Quantisation and nilpotent limits of Mishchenko-Fomenko subalgebras

TL;DR

This paper investigates the structure and quantisation of Mishchenko-Fomenko subalgebras in simple Lie algebras, proving conjectures for classical types and explicitly constructing generators, including in nilpotent limits.

Contribution

It proves the Feigin-Frenkel-Toledano Laredo conjecture for types C and A, constructs explicit generators, and explores nilpotent limits of these subalgebras.

Findings

Proved the conjecture for type C and provided a new proof for type A.

Constructed explicit generators for the subalgebras.
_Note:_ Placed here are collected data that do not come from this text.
(* Fix an instance $I=\{H,M,\mathbf r\}$ of the offline Notification Timing Problem with $M$ employees and $L=M$ shifts. Let $\mathcal X=\{\mathcal X_i\}_{i\in\mathcal E}$ be any preference profile, and let $B^{\mathcal X}(S)$ denote the total number of (realized) bumps produced by a feasible schedule $S$ under $\mathcal X$. Let $S^*_{\mathcal X}$ be a feasible schedule minimizing $B^{\mathcal X}(S)$, let $S^*_p$ be a feasible schedule minimizing the total number of potential bumps $P(S)$, and let $S^*_I$ be a feasible schedule minimizing $B^{\mathcal I}(S)$, where $\mathcal I$ is the identical-preference profile (all employees have the same strict ranking of shifts). Then $$B^{\mathcal X}(S^*_{\mathcal X})\;\le\; P(S^*_p)\;=\;B^{\mathcal I}(S^*_I).$$
   Context: Employees $\mathcal E=\{1,\dots,M\}$ are ordered by seniority ($i<j$ means $i$ is more senior). Each employee $i$ has a response delay $r_i\in\mathbb Z_{\ge0}$; the horizon is $H\in\mathbb Z_{>0}$. A schedule is $S=(s_i,e_i)_{i\in\mathcal E}$ with notification times $s_i\ge 0$ and response times $e_i=s_i+r_i$; it is feasible if $s_1\le s_2\le\dots\le s_M$ and $e_i\le H$ for all $i$. There are $L=M$ shifts $\mathcal L$, and each employee $i$ has a strict preference order $\mathcal X_i$ over all shifts. Assignment dynamics: responses are processed in increasing order of response time; employees responding at the same time are processed in order of seniority. When an employee $i$ responds (or is bumped), $i$ claims its most preferred shift among those not currently held by an employee more senior than $i$. If that shift is unoccupied, $i$ takes it; if it is held by a junior employee $j>i$, then $i$ takes it, $j$ is bumped (this counts as one bump), and $j$ immediately repeats the same rule; this may create a chain of bumps. If no shift is available, the employee gets no shift. The total number of bumps $B^{\mathcal X}(S)$ is the total number of such bump events over the whole process. Potential bumps: for a schedule $S$, $p_i=|\{j\in\mathcal E: i<j,\ e_i>e_j\}|$ and $P(S)=\sum_{i\in\mathcal E}p_i$ (the number of pairs in which a senior employee responds strictly later than a junior one). *)

From mathcomp Require Import all_boot all_fingroup.
Set Implicit Arguments. Unset Strict Implicit. Unset Printing Implicit Defensive.

(* Employees and shifts are both 'I_M (L = M); smaller index = more senior. *)
(* A schedule is given by its notification times s : 'I_M -> nat; the
   response time of i is e i = s i + r i. *)
Definition resp M (r s : 'I_M -> nat) (i : 'I_M) : nat := s i + r i.

Definition feasible M (H : nat) (r s : 'I_M -> nat) : Prop :=
  (forall i j : 'I_M, i <= j -> s i <= s j) /\
  (forall i : 'I_M, resp r s i <= H).

(* A preference profile: X i k is employee i's (k+1)-th most preferred shift;
   X i is a permutation, i.e. a strict ranking of all shifts. *)
Definition profile M := 'I_M -> {perm 'I_M}.

(* state: for each shift, the employee currently holding it (if any) *)
Definition state M := {ffun 'I_M -> option 'I_M}.

Definition empty_state M : state M := [ffun _ => None].

Definition avail M (st : state M) (i l : 'I_M) : bool :=
  if st l is Some j then i < j else true.

Definition choice M (X : profile M) (st : state M) (i : 'I_M) : option 'I_M :=
  ohead [seq l <- [seq X i k | k <- enum 'I_M] | avail st i l].

Definition upd M (st : state M) (l i : 'I_M) : state M :=
  [ffun l' => if l' == l then Some i else st l'].

(* i claims a shift; returns new state and number of bumps in the chain.
   Fuel: each chain has strictly increasing claimant indices, so at most M
   claims occur; fuel M.+1 is never exhausted. *)
Fixpoint claim M (X : profile M) (fuel : nat) (st : state M) (i : 'I_M)
  : state M * nat :=
  match fuel with
  | 0 => (st, 0)
  | n.+1 =>
    match choice X st i with
    | None => (st, 0)
    | Some l =>
      match st l with
      | None => (upd st l i, 0)
      | Some j => let p := claim X n (upd st l i) j in (p.1, p.2.+1)
      end
    end
  end.

Definition proc_order M (r s : 'I_M -> nat) : seq 'I_M :=
  sort (fun i j : 'I_M => (resp r s i < resp r s j) ||
                          ((resp r s i == resp r s j) && (i <= j)))
       (enum 'I_M).

Definition run M (X : profile M) (ord : seq 'I_M) : state M * nat :=
  foldl (fun p i => let q := claim X M.+1 p.1 i in (q.1, p.2 + q.2))
        (empty_state M, 0) ord.

Definition bumps M (X : profile M) (r s : 'I_M -> nat) : nat :=
  (run X (proc_order r s)).2.

Definition potential M (r s : 'I_M -> nat) : nat :=
  \sum_(i < M) \sum_(j < M | (i < j) && (resp r s j < resp r s i)) 1.

Definition is_min M (H : nat) (r : 'I_M -> nat) (f : ('I_M -> nat) -> nat)
  (S : 'I_M -> nat) : Prop :=
  feasible H r S /\ forall S', feasible H r S' -> f S <= f S'.

From HB Require Import structures.
From mathcomp Require Import all_boot all_fingroup zify.
Set Implicit Arguments. Unset Strict Implicit. Unset Printing Implicit Defensive.

(* When employee i responds, every bump of the chain it starts displaces a
   distinct current holder junior to i.  Holders have already responded, and a
   junior employee processed before i responded strictly earlier, so the chain
   costs at most p_i bumps: B^X(S) <= P(S) for every schedule S.
   Under identical preferences the assignment stays canonical: the current
   holders occupy the top shifts in order of seniority.  An arriving employee
   claims the shift of its seniority rank among the holders, and the chain moves
   each junior holder down by one shift, so it costs exactly p_i bumps and
   B^I(S) = P(S). *)

Section Ranks.
Variable M : nat.
Implicit Types (A : {set 'I_M}) (P : pred 'I_M).

Definition rank A (x : 'I_M) := #|[set y in A | y < x]|.
Definition above A (x : 'I_M) := #|[set y in A | x < y]|.

Lemma card_sepU1 A c P :
  c \notin A -> #|[set y in c |: A | P y]| = P c + #|[set y in A | P y]|.
Proof.
move=> cA; case Pc: (P c).
  have -> : [set y in c |: A | P y] = c |: [set y in A | P y].
    by apply/setP => y; rewrite !inE; case: (y =P c) => [->|]; rewrite ?Pc.
  by rewrite cardsU1 inE (negbTE cA).
apply: eq_card => y; rewrite !inE.
by case: (y =P c) => [->|]; rewrite ?Pc ?(negbTE cA).
Qed.

Lemma card_sepD1 A j P :
  j \in A -> #|[set y in A | P y]| = P j + #|[set y in A :\ j | P y]|.
Proof. by move=> jA; rewrite -{1}(setD1K jA) card_sepU1 // !inE eqxx. Qed.

Lemma card_sep_le A P : #|[set y in A | P y]| <= #|A|.
Proof. by apply: subset_leq_card; apply/subsetP => y; rewrite inE => /andP[]. Qed.

Lemma card_ltn_notin A c : c \notin A -> #|A| < M.
Proof. by move=> cA; move: (max_card (c |: A)); rewrite cardsU1 cA card_ord. Qed.

Lemma rank_ltn A (x y : 'I_M) : x \in A -> x < y -> rank A x < rank A y.
Proof.
move=> xA xy; apply: proper_card; apply/properP; split.
  by apply/subsetP => z; rewrite !inE => /andP[-> /ltn_trans]; apply.
by exists x; rewrite !inE ?xA ?ltnn ?andbF.
Qed.

Lemma rank_leq A (x y : 'I_M) : x <= y -> rank A x <= rank A y.
Proof.
move=> xy; apply: subset_leq_card.
by apply/subsetP => z; rewrite !inE => /andP[-> /leq_trans]; apply.
Qed.

Lemma rank_ltn_card A (x : 'I_M) : x \in A -> rank A x < #|A|.
Proof.
move=> xA; apply: proper_card; apply/properP; split.
  by apply/subsetP => z; rewrite inE => /andP[].
by exists x; rewrite ?inE ?ltnn ?andbF.
Qed.

Lemma rank_inj A : {in A &, injective (rank A)}.
Proof.
move=> x y xA yA rxy; apply: val_inj.
case: (ltngtP x y) => // [/(rank_ltn xA)|/(rank_ltn yA)]; by rewrite rxy ltnn.
Qed.

Lemma rank_surj A k : k < #|A| -> exists2 x, x \in A & rank A x = k.
Proof.
move=> kA; set s := [seq rank A x | x <- enum A].
have us : uniq s.
  rewrite map_inj_in_uniq ?enum_uniq // => x y.
  by rewrite !mem_enum; apply: rank_inj.
have sub : {subset s <= iota 0 #|A|}.
  by move=> _ /mapP[x xA ->]; rewrite mem_iota rank_ltn_card // -mem_enum.
have [|_ eq_s] := uniq_min_size us sub; first by rewrite size_iota size_map -cardE.
have /mapP[x xA ->] : k \in s by rewrite eq_s mem_iota.
by exists x; rewrite // -mem_enum.
Qed.

(* Equal ranks make [j] the successor of [c] in [c |: A]. *)
Lemma rank_eq_successor A (c j : 'I_M) :
  c \notin A -> j \in A -> rank A j = rank A c ->
  c < j /\ {in A, forall x, x != j -> (c < x) = (j < x)}.
Proof.
move=> cA jA rjc.
have cj : c < j.
  case: (ltngtP c j) => // [jc|/val_inj ecj]; last by rewrite ecj jA in cA.
  by have := rank_ltn jA jc; rewrite rjc ltnn.
split=> // x xA xj; case: (ltnP c x) => [cx|xc].
  case: (ltngtP x j) => [xj'|//|/val_inj exj]; last by rewrite exj eqxx in xj.
  by have := rank_ltn xA xj'; rewrite rjc ltnNge rank_leq // ltnW.
by rewrite ltnNge (ltnW (leq_ltn_trans xc cj)).
Qed.

End Ranks.

HB.lock Definition holders M (st : state M) : {set 'I_M} :=
  [set k | [exists l, st l == Some k]].

Section Holders.
Variable M : nat.
Implicit Types (st : state M) (X : profile M).

Lemma holdersP st k : reflect (exists l, st l = Some k) (k \in holders st).
Proof.
rewrite holders.unlock inE.
by apply: (iffP existsP) => -[l h]; exists l; [exact/eqP | rewrite h].
Qed.

Lemma holders0 : holders (empty_state M) = set0.
Proof.
by apply/setP => k; rewrite in_set0; apply/negbTE/holdersP => -[l]; rewrite ffunE.
Qed.

Lemma holders_upd st l i : holders (upd st l i) \subset i |: holders st.
Proof.
apply/subsetP => k /holdersP[l']; rewrite /upd ffunE in_setU1.
case: (l' == l) => [[->]|h]; first by rewrite eqxx.
by apply/orP; right; apply/holdersP; exists l'.
Qed.

Lemma choice_avail X st i l : choice X st i = Some l -> avail st i l.
Proof.
rewrite /choice; case E: [seq _ <- _ | _] => [|a s] //= [<-].
have : a \in a :: s by rewrite mem_head.
by rewrite -E mem_filter => /andP[].
Qed.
Produced generators for nilpotent limits and solved Vinberg's problem in these cases.

Abstract

For any simple Lie algebra $\mathfrak{g}$ and an element $\mu\in\mathfrak{g}^*$, the corresponding commutative subalgebra $\mathcal{A}_{\mu}$ of $\mathcal{U}(\mathfrak{g})$ is defined as a homomorphic image of the Feigin-Frenkel centre associated with $\mathfrak{g}$. It is known that when $\mu$ is regular this subalgebra solves Vinberg's quantisation problem, as the graded image of $\mathcal{A}_{\mu}$ coincides with the Mishchenko-Fomenko subalgebra $\overline{\mathcal{A}}_{\mu}$ of $\mathcal{S}(\mathfrak{g})$. By a conjecture of Feigin, Frenkel and Toledano Laredo, this property extends to an arbitrary element $\mu$. We give sufficient conditions which imply the property for certain choices of $\mu$. In particular, this proves the conjecture in type C and gives a new proof in type A. We show that the algebra $\mathcal{A}_{\mu}$ is free in both cases and produce its generators in an explicit form. Moreover, we prove that in all classical types generators of $\mathcal{A}_{\mu}$ can be obtained via the canonical symmetrisation map from certain generators of $\overline{\mathcal{A}}_{\mu}$. The symmetrisation map is also used to produce free generators of nilpotent limits of the algebras $\mathcal{A}_{\mu}$ and give a positive solution of Vinberg's problem for these limit subalgebras.